Abstract

BACKGROUND: Both ondansetron and granisetron exert their antiemetic effects via a blockade of the 5-hydroxytryptamine 3 receptor (5-HT(3)R). Because the 5-HT(3)R is a member of a superfamily of ligand-gated ion channels and has structural similarities to the nicotinic acetylcholine receptor (nAChR), a 5-HT(3)R antagonist may also inhibit the nAChR. This study examined the effects of 5-HT(3)R antagonists, ondansetron and granisetron, on rocuronium-induced neuromuscular blockade in vitro.
METHODS
Rat phrenic nerve-hemidiaphragm preparations were isolated and allocated randomly into seven groups (control, 1, 10, 100 microgram/ml of ondansetron, 0.1, 1, 10 microgram/ml of granisetron). Two studies were carried out using single twitch responses. In the cumulative dose-response study, rocuronium 1 microgram/ml and each doses of ondansetron or granisetron were administered simultaneously, and incremental 0.5 microgram/ml doses of rocuronium were added to obtain more than 95% neuromuscular twitch inhibition.
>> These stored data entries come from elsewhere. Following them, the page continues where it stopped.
(* Given an $n$-qubit state $\lvert\psi\rangle$, let $\lvert\phi\rangle$ be a stabilizer state that maximizes the stabilizer fidelity, and let $S^* = \mathrm{Weyl}(\lvert\phi\rangle)$. Then \[\sum_{x \in S^*} p_\psi(x) \geq F_\mathcal{S}(\lvert\psi\rangle)^2.\]
   Context: For $x=(a,b)\in\mathbb F_2^{2n}$ the Weyl operator is $W_x = i^{a\cdot b}X^{a_1}Z^{b_1}\otimes\cdots\otimes X^{a_n}Z^{b_n}$; $p_\psi(x)=2^{-n}\langle\psi|W_x|\psi\rangle^2$; $\mathrm{Weyl}(\lvert\phi\rangle)=\{x\in\mathbb F_2^{2n}: W_x\lvert\phi\rangle=\pm\lvert\phi\rangle\}$; $F_\mathcal{S}(\lvert\psi\rangle)=\max_{\lvert\phi\rangle\text{ stabilizer}}\lvert\langle\phi|\psi\rangle\rvert^2$. *)

From HB Require Import structures.
From mathcomp Require Import all_boot all_order all_algebra.
From mathcomp Require Import reals complex.

Set Implicit Arguments.
Unset Strict Implicit.
Unset Printing Implicit Defensive.

Import Order.TTheory GRing.Theory Num.Theory.
Local Open Scope ring_scope.
Local Open Scope complex_scope.

Definition bits (n : nat) := {ffun 'I_n -> bool}.

(* Vectors of the n-qubit Hilbert space (C^2)^{(x) n}, in the computational basis.
   Scalars are R[i], the complex numbers over a real field R. *)
Definition qvec (R : realType) (n : nat) := {ffun bits n -> R[i]}.

(* Linear operators on n qubits, given by their matrix entries <r|M|c>. *)
Definition qop (R : realType) (n : nat) := bits n -> bits n -> R[i].
Definition qop1 (R : realType) := bool -> bool -> R[i].

Definition id1 (R : realType) : qop1 R := fun r c => (r == c)%:R.
Definition pauliX (R : realType) : qop1 R := fun r c => (r != c)%:R.
Definition pauliZ (R : realType) : qop1 R :=
  fun r c => (r == c)%:R * (if c then -1 else 1).
Definition hadamard (R : realType) : qop1 R :=
  fun r c => (if r && c then -1 else 1) / (Num.sqrt (2 : R))%:C.
Definition phaseS (R : realType) : qop1 R :=
  fun r c => (r == c)%:R * (if c then 'i else 1).

Definition mul1 (R : realType) (A B : qop1 R) : qop1 R :=
  fun r c => \sum_(k : bool) A r k * B k c.

Definition tens (R : realType) (n : nat) (A : 'I_n -> qop1 R) : qop R n :=
  fun r c => \prod_(j < n) A j (r j) (c j).

Definition qid (R : realType) (n : nat) : qop R n := fun r c => (r == c)%:R.

Definition qmul (R : realType) (n : nat) (A B : qop R n) : qop R n :=
  fun r c => \sum_(m : bits n) A r m * B m c.

Definition qapply (R : realType) (n : nat) (M : qop R n) (v : qvec R n) : qvec R n :=
  [ffun r => \sum_(c : bits n) M r c * v c].

Definition braket (R : realType) (n : nat) (u v : qvec R n) : R[i] :=
  \sum_(z : bits n) (u z)^* * v z.

Definition is_state (R : realType) (n : nat) (psi : qvec R n) : Prop :=
  braket psi psi = 1.

(* a . b for a, b in F_2^n, computed as an integer (number of common 1's). *)
Definition bdot (n : nat) (a b : bits n) : nat := #|[set j : 'I_n | a j && b j]|.

(* Weyl operator W_x = i^{a.b} X^{a_1}Z^{b_1} (x) ... (x) X^{a_n}Z^{b_n}, x = (a,b). *)
Definition weyl (R : realType) (n : nat) (x : bits n * bits n) : qop R n :=
  fun r c => 'i ^+ (bdot x.1 x.2) *
    tens (fun j => mul1 (if x.1 j then pauliX R else id1 R)
                        (if x.2 j then pauliZ R else id1 R)) r c.

Definition p_psi (R : realType) (n : nat) (psi : qvec R n) (x : bits n * bits n) : R[i] :=
  (2%:R ^+ n)^-1 * (braket psi (qapply (weyl R x) psi)) ^+ 2.

Definition weyl_set (R : realType) (n : nat) (phi : qvec R n) : {set bits n * bits n} :=
  [set x | (qapply (weyl R x) phi == phi) || (qapply (weyl R x) phi == - phi)].

Definition gate1 (R : realType) (n : nat) (k : 'I_n) (G : qop1 R) : qop R n :=
  tens (fun j => if j == k then G else id1 R).

Definition cnot_map (n : nat) (k l : 'I_n) (c : bits n) : bits n :=
  [ffun j => if j == l then c l (+) c k else c j].

Definition cnot (R : realType) (n : nat) (k l : 'I_n) : qop R n :=
  fun r c => (r == cnot_map k l c)%:R.

Inductive clifford (R : realType) (n : nat) : qop R n -> Prop :=
| clifford_id : clifford (@qid R n)
| clifford_H (k : 'I_n) U : clifford U -> clifford (qmul (gate1 k (hadamard R)) U)
| clifford_S (k : 'I_n) U : clifford U -> clifford (qmul (gate1 k (phaseS R)) U)
| clifford_CNOT (k l : 'I_n) U : k != l -> clifford U -> clifford (qmul (cnot R k l) U).

Definition ket0 (R : realType) (n : nat) : qvec R n :=
  [ffun z => (z == [ffun => false])%:R].

Definition stabilizer_state (R : realType) (n : nat) (phi : qvec R n) : Prop :=
  exists (U : qop R n) (c : R[i]),
    clifford U /\ `|c| = 1 /\ phi = c *: qapply U (@ket0 R n).

Definition fidelity (R : realType) (n : nat) (phi psi : qvec R n) : R[i] :=
  `|braket phi psi| ^+ 2.

Definition stab_fidelity_maximizer (R : realType) (n : nat) (psi phi : qvec R n) : Prop :=
  stabilizer_state phi /\
  forall phi', stabilizer_state phi' -> fidelity phi' psi <= fidelity phi psi.

From HB Require Import structures.
From mathcomp Require Import all_boot all_order all_algebra.
From mathcomp Require Import boolp reals complex ring.
Import Order.TTheory GRing.Theory Num.Theory.
Set Implicit Arguments.
Unset Strict Implicit.
Local Open Scope ring_scope.

(* A Clifford circuit U conjugates Weyl operators to Weyl operators up to a
   phase, through an injective relabelling g.  The Z-type operators Z_b fix
   |0^n>, so every g(0,b) lies in Weyl(U|0^n>), and p_psi(g(0,b)) equals
   p_chi(0,b) for chi = U^dagger psi.  By Parseval over the characters
   b |-> (-1)^(b.z), the sum of p_chi(0,b) over b is sum_z |chi_z|^4, which
   is at least |chi_0|^4 = |<phi|psi>|^4. *)

Lemma ler_sum_subset (C : numDomainType) (T : finType) (A B : {set T}) (F : T -> C) :
  A \subset B -> (forall x, x \in B -> 0 <= F x) ->
  \sum_(x in A) F x <= \sum_(x in B) F x.
Proof.
move=> AB F_ge0; rewrite [leRHS](big_setID A) /= (setIidPr AB) lerDl.
by apply: sumr_ge0 => x /setDP [xB _]; exact: F_ge0.
Qed.

Section Delta.
Variables (S : pzSemiRingType) (T : finType).

Lemma sum_delta (a : T) (F : T -> S) : \sum_(m : T) (m == a)%:R * F m = F a.
Proof.
rewrite (bigD1 a) //= eqxx mul1r big1 ?addr0 // => m /negbTE ->.
by rewrite mul0r.
Qed.

Lemma sum_delta_sym (a : T) (F : T -> S) : \sum_(m : T) (a == m)%:R * F m = F a.
Proof. by under eq_bigr do rewrite eq_sym; exact: sum_delta. Qed.

End Delta.

Section Weyl.
Variables (R : realType) (n : nat).
Local Notation C := R[i].
Local Notation qop := (qop R n).
Local Notation qop1 := (qop1 R).

Definition qadj (M : qop) : qop := fun r c => (M c r)^*.
Definition qadj1 (A : qop1) : qop1 := fun r c => (A c r)^*.
Definition qscale (a : C) (M : qop) : qop := fun r c => a * M r c.
Definition unitary_op (U : qop) :=
  qmul U (qadj U) = @qid R n /\ qmul (qadj U) U = @qid R n.

Lemma qop_ext (A B : qop) : (forall r c, A r c = B r c) -> A = B.
Proof. by move=> AB; apply/funext => r; apply/funext => c; exact: AB. Qed.

Lemma qmulA (A B D : qop) : qmul (qmul A B) D = qmul A (qmul B D).
Proof.
apply: qop_ext => r c; rewrite /qmul.
under eq_bigr do rewrite big_distrl /=.
under [RHS]eq_bigr do rewrite big_distrr /=.
rewrite exchange_big /=; apply: eq_bigr => i _; apply: eq_bigr => j _.
by rewrite mulrA.
Qed.

Lemma qmul1q (A : qop) : qmul (@qid R n) A = A.
Proof. by apply: qop_ext => r c; rewrite /qmul /qid sum_delta_sym. Qed.

Lemma qmulq1 (A : qop) : qmul A (@qid R n) = A.
Proof.
apply: qop_ext => r c; rewrite /qmul /qid.
by under eq_bigr do rewrite mulrC; rewrite sum_delta.
Qed.

Lemma qadj_mul (A B : qop) : qadj (qmul A B) = qmul (qadj B) (qadj A).
Proof.
apply: qop_ext => r c; rewrite /qadj /qmul rmorph_sum; apply: eq_bigr => m _.
by rewrite rmorphM mulrC.
Qed.

Lemma qadj_qid : qadj (@qid R n) = @qid R n.
Proof. by apply: qop_ext => r c; rewrite /qadj /qid rmorph_nat eq_sym. Qed.

Lemma qmul_scalel a (A B : qop) : qmul (qscale a A) B = qscale a (qmul A B).
Proof.
apply: qop_ext => r c; rewrite /qmul /qscale big_distrr.
by apply: eq_bigr => m _; rewrite /= mulrA.
Qed.

Lemma qmul_scaler a (A B : qop) : qmul A (qscale a B) = qscale a (qmul A B).
Proof.
apply: qop_ext => r c; rewrite /qmul /qscale big_distrr.
by apply: eq_bigr => m _; rewrite /= mulrCA.
Qed.

Lemma qscaleA a b (A : qop) : qscale a (qscale b A) = qscale (a * b) A.
Proof. by apply: qop_ext => r c; rewrite /qscale mulrA. Qed.

Lemma qscale1 (A : qop) : qscale 1 A = A.
Proof. by apply: qop_ext => r c; rewrite /qscale mul1r. Qed.

Lemma tens_ext (A B : 'I_n -> qop1) :
  (forall j r c, A j r c = B j r c) -> tens A = tens B.
Proof. by move=> AB; apply: qop_ext => r c; apply: eq_bigr => j _. Qed.

Lemma qmul_tens (A B : 'I_n -> qop1) :
  qmul (tens A) (tens B) = tens (fun j => mul1 (A j) (B j)).
Proof.
apply: qop_ext => r c; rewrite /qmul /tens /mul1 bigA_distr_bigA /=.
by apply: eq_bigr => m _; rewrite big_split.
Qed.

Lemma qadj_tens (A : 'I_n -> qop1) : qadj (tens A) = tens (fun j => qadj1 (A j)).
Proof. by apply: qop_ext => r c; rewrite /qadj /tens rmorph_prod. Qed.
ED(5), ED(50), ED(90), and ED(95) of rocuronium in each group were calculated using a logistic model. In the partial curarization study, the twitch heights were measured after administering ondansetron or granisetron (10 minutes after administering 3 microgram/ml rocuronium) and were measured 10 minutes later. The 2 twitch heights were then compared.
RESULTS
In the cumulative dose-response study, ondansetron 100 microgram/ml and granisetron 10 microgram/ml significantly reduced the ED50 of rocuronium (P < 0.05). There were no intergroup differences in the partial curarization study.
CONCLUSIONS
High concentration of ondansetron and granisetron enhanced the neuromuscular blockade of rocuronium. Granisetron enhanced the neuromuscular blockade of rocuronium more potently than ondansetron.